Git-Based Ansible Automation: How We Scale and Stay Consistent

Managing infrastructure with Ansible has always been a core part of how we work. As a small DevOps team of three, we rely heavily on automation to keep our systems running smoothly. However, as our infrastructure grew, we started hitting challenges that slowed us down and created inconsistencies.

Before continuing to the post, we should mention what we have achieved.

Before, it was taking 3 hours to complete all Ansible roles on all our servers with a centralized run from our local machines.
Now, each server runs in a decentralized way, and it takes 10 minutes to complete all roles on each server.

The Problem with Everyone Pushing from Local Machines

In our initial workflow, each team member would run ansible-playbook commands directly from their own local machines.
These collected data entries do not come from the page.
Definition one_perfect (T : finType) (e : rel T) (o : rel T) : Prop :=
  orientation e o /\
  forall v x y, o v x -> o v y -> x != y -> e x y.

Definition one_perfectly_orientable (T : finType) (e : rel T) : Prop :=
  exists o : rel T, one_perfect e o.

From mathcomp Require Import all_boot zify.
From Stdlib Require Import Classical_Prop.

Set Implicit Arguments. Unset Strict Implicit. Unset Printing Implicit Defensive.

(* If an orientation of G x H is 1-perfect and G x H is triangle-free (which holds as
   soon as one factor is), every vertex has at most one out-neighbour, so every vertex
   set W spans at most |W| edges; on the other hand S x R spans at least
   2 |E(G[S])| |E(H[R])| edges.  For G = K_2 this says that every induced subgraph of H
   has at most as many edges as vertices, which forces a connected H to be a
   pseudotree: two distinct cycles would produce a denser subgraph (a chord, an ear, or
   a path joining them).  Conversely a pseudotree has an orientation of out-degree at
   most one, which lifts to K_2 x H.  If both factors have at least three vertices,
   neither contains a triangle (K_3 x K_3 and K_3 x P_3 are not 1-perfectly orientable),
   and counting spanning trees bounds the orders to (3,3), (3,4) or (4,3); excluding the
   claw and C_4 (via claw x P_3 and C_4 x P_3) leaves the paths.  The finitely many small
   products are settled by computation. *)

Lemma next_head (T : eqType) (x : T) r : next (x :: r) x = head x r.
Proof. by rewrite next_nth mem_head /= eqxx nth0. Qed.

Lemma prev_head (T : eqType) (x : T) r : x \notin r -> prev (x :: r) x = last x r.
Proof.
move=> xr; rewrite prev_nth mem_head memNindex //.
by rewrite -[size r]/((size (x :: r)).-1) nth_last.
Qed.

Lemma last_notin_neq (T : eqType) (x : T) r : x \notin r -> 0 < size r -> last x r != x.
Proof.
case: r => [|c r] //=; rewrite inE negb_or => /andP[xc xr] _.
by apply/eqP => Hl; move: (mem_last c r); rewrite Hl inE (negbTE xc) (negbTE xr).
Qed.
This was easy at the start but became problematic as we scaled:

Inconsistencies: Different local setups led to different results.
Lack of Visibility: Hard to know who changed what and where it was applied.
Conflict Risks: Overlapping deployments caused conflicts and headaches.
Manual Overhead: Too much human intervention, increasing the chance of mistakes.
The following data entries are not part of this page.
(* Let $R$ be a poset, $Q:=I_{<\omega}(R)$ and $\kappa:=|Q|$. Then there is a set $\mathbb{B}$ of join-semilattices with $|\mathbb{B}|\le 2^{\kappa}$ such that for every join-semilattice $P$ (with a least element), $J(Q)$ is not embeddable in $J(P)$ by a map preserving arbitrary joins if and only if no member of $\mathbb{B}$ is embeddable in $P$ as a join-semilattice.
   Context: $I_{<\omega}(R)$ is the set of finitely generated initial segments $\downarrow A$ ($A\subseteq R$ finite) of $R$, ordered by inclusion. For a join-semilattice $P$, $J(P)$ is the set of ideals (non-empty up-directed initial segments) of $P$ ordered by inclusion. Embedding as a join-semilattice means an injective map preserving binary joins. A map preserving arbitrary joins is one with $f(\bigvee X)=\bigvee f(X)$ for all subsets $X$. *)

From Stdlib Require Import List.

Record Poset := {
  pcar :> Type;
  ple : pcar -> pcar -> Prop;
  ple_refl : forall x, ple x x;
  ple_trans : forall x y z, ple x y -> ple y z -> ple x z;
  ple_antisym : forall x y, ple x y -> ple y x -> x = y
}.

Record JSL := {
  jcar :> Type;
  jle : jcar -> jcar -> Prop;
  jle_refl : forall x, jle x x;
  jle_trans : forall x y z, jle x y -> jle y z -> jle x z;
  jle_antisym : forall x y, jle x y -> jle y x -> x = y;
  jjoin : jcar -> jcar -> jcar;
  jjoin_lub : forall x y z, jle (jjoin x y) z <-> (jle x z /\ jle y z)
}.

Definition has_least (P : JSL) : Prop := exists b : P, forall x : P, jle P b x.

Definition Ifin (R : Poset) : Type :=
  { S : R -> Prop | exists A : list R,
      forall x : R, S x <-> exists a, In a A /\ ple R x a }.

Definition Ifin_le (R : Poset) (S T : Ifin R) : Prop :=
  forall x, proj1_sig S x -> proj1_sig T x.

Definition is_ideal {T : Type} (le : T -> T -> Prop) (X : T -> Prop) : Prop :=
  (exists x, X x) /\
  (forall x y, le x y -> X y -> X x) /\
  (forall x y, X x -> X y -> exists z, X z /\ le x z /\ le y z).

Definition Jid {T : Type} (le : T -> T -> Prop) : Type :=
  { X : T -> Prop | is_ideal le X }.

Definition Jle {T : Type} {le : T -> T -> Prop} (I K : Jid le) : Prop :=
  forall x, proj1_sig I x -> proj1_sig K x.

Definition is_lub {T : Type} (le : T -> T -> Prop) (X : T -> Prop) (s : T) : Prop :=
  (forall x, X x -> le x s) /\
  (forall u, (forall x, X x -> le x u) -> le s u).

Definition injective {A B : Type} (f : A -> B) : Prop :=
  forall x y, f x = f y -> x = y.

Definition preserves_all_joins {T1 T2 : Type}
  (le1 : T1 -> T1 -> Prop) (le2 : T2 -> T2 -> Prop) (f : T1 -> T2) : Prop :=
  forall (X : T1 -> Prop) (s : T1), is_lub le1 X s ->
    is_lub le2 (fun y => exists x, X x /\ f x = y) (f s).

Definition jsl_embedding {B P : JSL} (g : B -> P) : Prop :=
  injective g /\ forall x y, g (jjoin B x y) = jjoin P (g x) (g y).

From Stdlib Require Import Classical ClassicalEpsilon FunctionalExtensionality
  PropExtensionality ProofIrrelevance List Arith Lia Cantor.
From mathcomp Require boolp classical_sets.

(* Write Q = I_{<omega}(R).  A map x : R -> P is separating when x r is not
   below the join of x[L] for any finite L none of whose elements is above r.
   An injective, all-joins-preserving f : J(Q) -> J(P) gives such an x
   (x r separates f of the ideal of subsets of down(r) from f of the ideal of
   sets missing up(r)), and conversely K |-> the ideal generated by x[U K] is
   such an embedding.  A separating x induces the covering relation
   rho_x(a, M) <-> x a <= \/ x[M], and the join-semilattice T(rho) of the
   classes {M | rho(a, M) for all a in L} embeds into P along x; conversely an
   embedding of T(rho) into P, for rho reflexive and only covering a by M when
   a lies below some element of M, yields a separating map.  So B consists of
   the T(rho) for such rho.  If R is infinite, Hessenberg's |X x X| = |X|
   (from Zorn's lemma) codes pairs (a, M) by principal ideals of Q, so each rho
   is coded by a subset of Q.  Otherwise every principal down-set is finite,
   x can be replaced by a monotone separating map, for which rho_x is always
   "a lies below some element of M", and a single member suffices. *)

(** * Cardinal arithmetic from Zorn's lemma *)

Lemma zorn_premaximal (T : Type) (t0 : T) (le : T -> T -> Prop) :
  (forall t, le t t) -> (forall r s t, le r s -> le s t -> le r t) ->
  (forall C : T -> Prop, (forall s t, C s -> C t -> le s t \/ le t s) ->
     exists u, forall s, C s -> le s u) ->
  exists m, forall s, le m s -> le s m.
Proof.
intros le_refl le_trans chain_ub.
assert (E : forall s t, boolp.asbool (le s t) = true <-> le s t).
{ intros s t. split; intro H; [exact (boolp.asboolW H)|exact (boolp.asboolT H)]. }
destruct (@classical_sets.ZL_preorder T t0 (fun s t => boolp.asbool (le s t)))
  as [m Hm].
- intro t; apply E; auto.
- intros r s t H1 H2; apply E; apply E in H1; apply E in H2; eauto.
- intros C HC. destruct (chain_ub C) as [u Hu].
  + intros s t Cs Ct. destruct (HC s t Cs Ct) as [H|H]; [left|right]; apply E; exact H.
  + exists u; intros s Cs; apply E; auto.
- exists m. intros s H. apply E, Hm, E, H.
Qed.

Lemma glue_partial_maps {I T U : Type} (u0 : U) (C : I -> Prop)
    (D : I -> T -> Prop) (k : I -> T -> U) :
  (forall i j x, C i -> C j -> D i x -> D j x -> k i x = k j x) ->
  exists g : T -> U, forall i x, C i -> D i x -> g x = k i x.
Proof.
intro compat.
exists (fun x => epsilon (inhabits u0) (fun u => exists i, C i /\ D i x /\ k i x = u)).
intros i x Ci Dix.
destruct (epsilon_spec (inhabits u0) (fun u => exists i, C i /\ D i x /\ k i x = u))
  as [j [Cj [Djx <-]]].
- exists (k i x), i; auto.
- apply compat; auto.
Qed.

Definition injects_into {X : Type} (A B : X -> Prop) : Prop :=
  exists k : X -> X, (forall a, A a -> B (k a)) /\
    (forall a a', A a -> A a' -> k a = k a' -> a = a').

Section Comparability.
Variables (X : Type) (x0 : X) (U V : X -> Prop).

Record pinj := PInj {
  pdom : X -> Prop;
  pmap : X -> X;
  pdom_sub : forall x, pdom x -> U x;
  pmap_into : forall x, pdom x -> V (pmap x);
  pmap_inj : forall x y, pdom x -> pdom y -> pmap x = pmap y -> x = y
}.

Definition pinj_le (p q : pinj) : Prop :=
  (forall x, pdom p x -> pdom q x) /\ (forall x, pdom p x -> pmap q x = pmap p x).

Lemma pinj_le_trans p q r : pinj_le p q -> pinj_le q r -> pinj_le p r.
Proof.
intros [dpq mpq] [dqr mqr]; split; auto.
intros x Hx; rewrite mqr, mpq; auto.
Qed.

Lemma pinj_chain_ub (C : pinj -> Prop) :
  (forall p q, C p -> C q -> pinj_le p q \/ pinj_le q p) ->
  exists u, forall p, C p -> pinj_le p u.
Proof.
intro chain.
destruct (glue_partial_maps x0 C pdom pmap) as [g Hg].
{ intros p q x Cp Cq Dp Dq.
  destruct (chain p q Cp Cq) as [[_ E]|[_ E]]; [symmetry|]; auto. }
set (D := fun x => exists p, C p /\ pdom p x).
assert (sub : forall x, D x -> U x).
{ intros x [p [_ Dx]]; exact (pdom_sub p x Dx). }
assert (into : forall x, D x -> V (g x)).
{ intros x [p [Cp Dx]]; rewrite (Hg p x Cp Dx); exact (pmap_into p x Dx). }
assert (inj : forall x y, D x -> D y -> g x = g y -> x = y).
{ intros x y [p [Cp Dx]] [q [Cq Dy]].
  rewrite (Hg p x Cp Dx), (Hg q y Cq Dy).
  destruct (chain p q Cp Cq) as [[dpq mpq]|[dqp mqp]].
  - rewrite <- (mpq x Dx); apply (pmap_inj q); auto.
  - rewrite <- (mqp y Dy); apply (pmap_inj p); auto. }
exists (PInj D g sub into inj); intros p Cp; split; simpl.
- intros x Dx; exists p; auto.
- intros x Dx; apply Hg; auto.
Qed.

Lemma pinj_extend (p : pinj) u v :
  U u -> ~ pdom p u -> V v -> (forall x, pdom p x -> pmap p x <> v) ->
  exists q, pinj_le p q /\ pdom q u.
Proof.
intros Uu nDu Vv fresh.
set (D := fun x => pdom p x \/ x = u).
set (k := fun x => if excluded_middle_informative (x = u) then v else pmap p x).
assert (old : forall x, pdom p x -> k x = pmap p x).
{ intros x Dx; unfold k; destruct (excluded_middle_informative (x = u)) as [->|];
    [contradiction|reflexivity]. }
assert (sub : forall x, D x -> U x).
{ intros x [Dx| ->]; [exact (pdom_sub p x Dx)|exact Uu]. }
assert (into : forall x, D x -> V (k x)).
{ intros x [Dx| ->]; [rewrite (old x Dx); exact (pmap_into p x Dx)|].
  unfold k; destruct (excluded_middle_informative (u = u)); [exact Vv|congruence]. }
assert (inj : forall x y, D x -> D y -> k x = k y -> x = y).
{ assert (new : k u = v)
    by (unfold k; destruct (excluded_middle_informative (u = u)); congruence).
  intros x y [Dx| ->] [Dy| ->]; intro E.
  - rewrite (old x Dx), (old y Dy) in E; apply (pmap_inj p); auto.
  - rewrite new, (old x Dx) in E; destruct (fresh x Dx E).
  - rewrite new, (old y Dy) in E; destruct (fresh y Dy (eq_sym E)).
  - reflexivity. }
exists (PInj D k sub into inj); split; [split|]; simpl.
- intros x Dx; left; exact Dx.
- exact old.
- right; reflexivity.
Qed.

Lemma subset_comparable : injects_into U V \/ injects_into V U.
Proof.
assert (empty_dom : forall x, False -> U x) by contradiction.
assert (empty_into : forall x, False -> V x) by contradiction.
assert (empty_inj : forall x y : X, False -> False -> x = y -> x = y) by auto.
destruct (zorn_premaximal pinj (PInj (fun _ => False) (fun x => x) empty_dom
            empty_into empty_inj) pinj_le) as [p maximal].
- intro p; split; auto.
- exact pinj_le_trans.
- exact pinj_chain_ub.
- destruct (classic (forall u, U u -> pdom p u)) as [total|[u Hu]%not_all_ex_not].
  { left; exists (pmap p); split.
    - intros a Ua; exact (pmap_into p a (total a Ua)).
    - intros a a' Ua Ua'; apply (pmap_inj p); auto. }
  apply imply_to_and in Hu as [Uu nDu].
  destruct (classic (forall v, V v -> exists x, pdom p x /\ pmap p x = v))
    as [onto|[v Hv]%not_all_ex_not].
  { right.
    set (inv := fun v => epsilon (inhabits x0) (fun x => pdom p x /\ pmap p x = v)).
    assert (Hinv : forall v, V v -> pdom p (inv v) /\ pmap p (inv v) = v)
      by (intros v Vv; apply epsilon_spec, onto, Vv).
    exists inv; split.
    - intros v Vv; exact (pdom_sub p _ (proj1 (Hinv v Vv))).
    - intros v v' Vv Vv' E.
      rewrite <- (proj2 (Hinv v Vv)), <- (proj2 (Hinv v' Vv')), E; reflexivity. }
  apply imply_to_and in Hv as [Vv fresh].
  destruct (pinj_extend p u v Uu nDu Vv) as [q [pq Dqu]].
  { intros x Dx E; apply fresh; eauto. }
  destruct (maximal q pq) as [qp _].
  destruct (nDu (qp u Dqu)).
Qed.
Why We Moved to Git Based Pull Model

To address these issues, we switched from manual pushes to an automated Git based pull model. Instead of pushing configurations from our laptops, each server now checks for changes in Git and applies them automatically.

Benefits we immediately saw:

Single Source of Truth in Git.
Automated Consistency across servers.
Better Collaboration via Git PRs.
Simplified Scaling, adding servers became frictionless.

Hard Lessons: Challenges We Faced with Ansible Pull

While the new approach brought many benefits, getting it right wasn't without its difficulties. Here are the main challenges we faced and how we solved them:

1. Submodule Headaches

One of the first issues was with Git submodules. Our Ansible repo uses submodules to manage common roles and playbooks. However, when we committed updates to submodules, the automation on servers started failing with this error:

"local modifications exist in the repository"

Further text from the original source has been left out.